За все две недели, данные на выполнение работы, я князя [Святополк-]Мирского не видел. А. А. Лопухин принес составленные им соображения, касавшиеся положений об охране, и передавал подробности своего по этому поводу разговора со [Святополк-] Мирским. Лопухин был настроен очень воинственно против «произвола» и, вспоминая о прошлом, поносил Плеве8, при котором сделал свою полицейскую карьеру. «Всякий раз, как мне приходилось говорить с Плеве, – сказал он, – мне хотелось схватить со стола письменный прибор и размозжить ему голову». Чувство, выраженное в этой фразе, было мне понятно, так как я считаю Плеве одной из самых отталкивающих личностей, с которыми мне приходилось соприкасаться, но слова Лопухина меня удивили, так как они резко противоречили тем близким отношениям, которые существовали между ним и Плеве.
По изготовлении проект всеподданнейшего доклада был прочитан мной князю [Святополк-]Мирскому в присутствии приглашенного для сего Лопухина, который успел уже, видимо, установить добрые отношения с новым министром. Заключительная часть доклада замечаний со стороны князя не вызывала, в исторической же части он признал нужным сделать некоторые изменения. В проекте было сказано, между прочим, что начиная с 60-х годов в известной части общества стали замечаться явно выраженные конституционные течения, которые, колеблясь и видоизменяясь, получали все большее развитие и заслоняли собою течения славянофильские. Сказано это было очень осторожно, но князь признал нужным совсем затушевать и сказать лишь глухо о стремлении общества принять участие в делах государственного управления или что-то в этом роде, теперь уже точно не припомню. Одним словом, он старался отгородиться от возможного впечатления, что он связывает свои предположения в каком-либо отношении с указанным течением.

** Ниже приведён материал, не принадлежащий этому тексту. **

Lemma fnorm_comp_powR_le k1 k2 (Om1 : set ('I_k1 -> C)) (Om2 : set ('I_k2 -> C))
    (e : ('I_k1 -> C) -> ('I_k2 -> C)) (F : ('I_k2 -> C) -> H -> H) M (lam p : R) :
  0 < p -> Om1 !=set0 -> (forall w, Om1 w -> Om2 (e w)) ->
  (forall z x, Om2 z -> hnorm ip (F z x) <= M * hnorm ip x) ->
  lam `^ p * fnorm ip Om1 (fun w => F (e w)) `^ p <= lam `^ p * fnorm ip Om2 F `^ p.
Proof.
move=> p0 [w hw] he hM; rewrite ler_wpM2l ?powR_ge0 //.
apply: ge0_ler_powR; first exact: ltW.
- by rewrite nnegrE fnorm_ge0 //; exists w.
- by rewrite nnegrE fnorm_ge0 //; exists (e w); exact: he.
- by apply: (fnorm_comp_le _ he hM); exists w.
Qed.

End Hilbert.

Section Banach.
Variable R : realType.
Local Notation C := (R[i]).
Variables (Y : lmodType C) (ny : Y -> R).
Hypothesis hY : is_banach ny.

Lemma ny0 : ny 0 = 0.
Proof. by have := ny_scale hY 0 0; rewrite scale0r cmod0 mul0r. Qed.

Lemma nyZ_nneg (k : R) y : 0 <= k -> ny (k%:C *: y) = k * ny y.
Proof. by move=> k0; rewrite (ny_scale hY) cmodR ger0_norm. Qed.

Lemma ny_ge0 y : 0 <= ny y.
Proof.
have nyN : ny (- y) = ny y by rewrite -scaleN1r (ny_scale hY) cmodN1 mul1r.
by have := ny_triangle hY y (- y); rewrite subrr ny0 nyN => h; lra.
Qed.

End Banach.

Section LinearOperator.
Variable R : realType.
Local Notation C := (R[i]).
Variables (H : lmodType C) (ip : H -> H -> C) (Y : lmodType C) (U : (H -> H) -> Y).
Hypotheses (hH : is_hilbert ip) (hU : Ulinear ip U).

Lemma Ulinear0 : U (fun=> 0) = 0.
Proof.
have := hU 1 (BH0 hH) (BH0 hH).
have -> : (fun x : H => 1 *: (0 : H) + 0) = fun=> 0.
  by apply: funext => x; rewrite scaler0 addr0.
rewrite scale1r => h; apply: (addrI (U (fun=> 0))); by rewrite addr0 -h.
Qed.

Lemma UlinearZ (T : H -> H) a : BH ip T -> U (fun x => a *: T x) = a *: U T.
Proof.
move=> hT; have := hU a hT (BH0 hH); rewrite Ulinear0 addr0.
by have -> : (fun x : H => a *: T x + 0) = fun x => a *: T x
  by apply: funext => x; rewrite addr0.
Qed.

End LinearOperator.

Section MultiIndex.

Definition mi_axis n (i0 : 'I_n) (j : nat) : {ffun 'I_n -> nat} :=
  [ffun i => if i == i0 then j else 0%N].
Definition mi1 (j : nat) : {ffun 'I_1 -> nat} := [ffun=> j].

Lemma mdeg_mi_axis n (i0 : 'I_n) j : mdeg (mi_axis i0 j) = j.
Proof.
rewrite /mdeg (bigD1 i0) //= big1 ?addn0; first by rewrite ffunE eqxx.
by move=> i /negPf hi; rewrite ffunE hi.
Qed.

Lemma mi_axis1 j : mi_axis (ord0 : 'I_1) j = mi1 j.
Proof. by apply/ffunP => i; rewrite !ffunE ord1 eqxx. Qed.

Так как все дело приказано было сохранять в строжайшей тайне и мог полагаться только на вполне надежного переписчика, то переделка доклада и его переписка заняли еще дня три, после чего, следовательно, около 20–22 ноября доклад был мною вторично прочитан князю [Святополк-]Мирскому, причем на этот раз кроме Лопухина присутствовал еще и Э. А. Ватаци, директор Департамента общих дел, человек близкий [Святополк-]Мирскому по прежней службе в западном крае. Замечаний доклад не вызвал, и я тут же передал его [Святополк-]Мирскому вместе с проектом манифеста, также им одобренным, в двух редакциях, отличавшихся только заключительной, не имевшей значения фразой. На следующий день князь [Святополк-]Мирский повез их государю.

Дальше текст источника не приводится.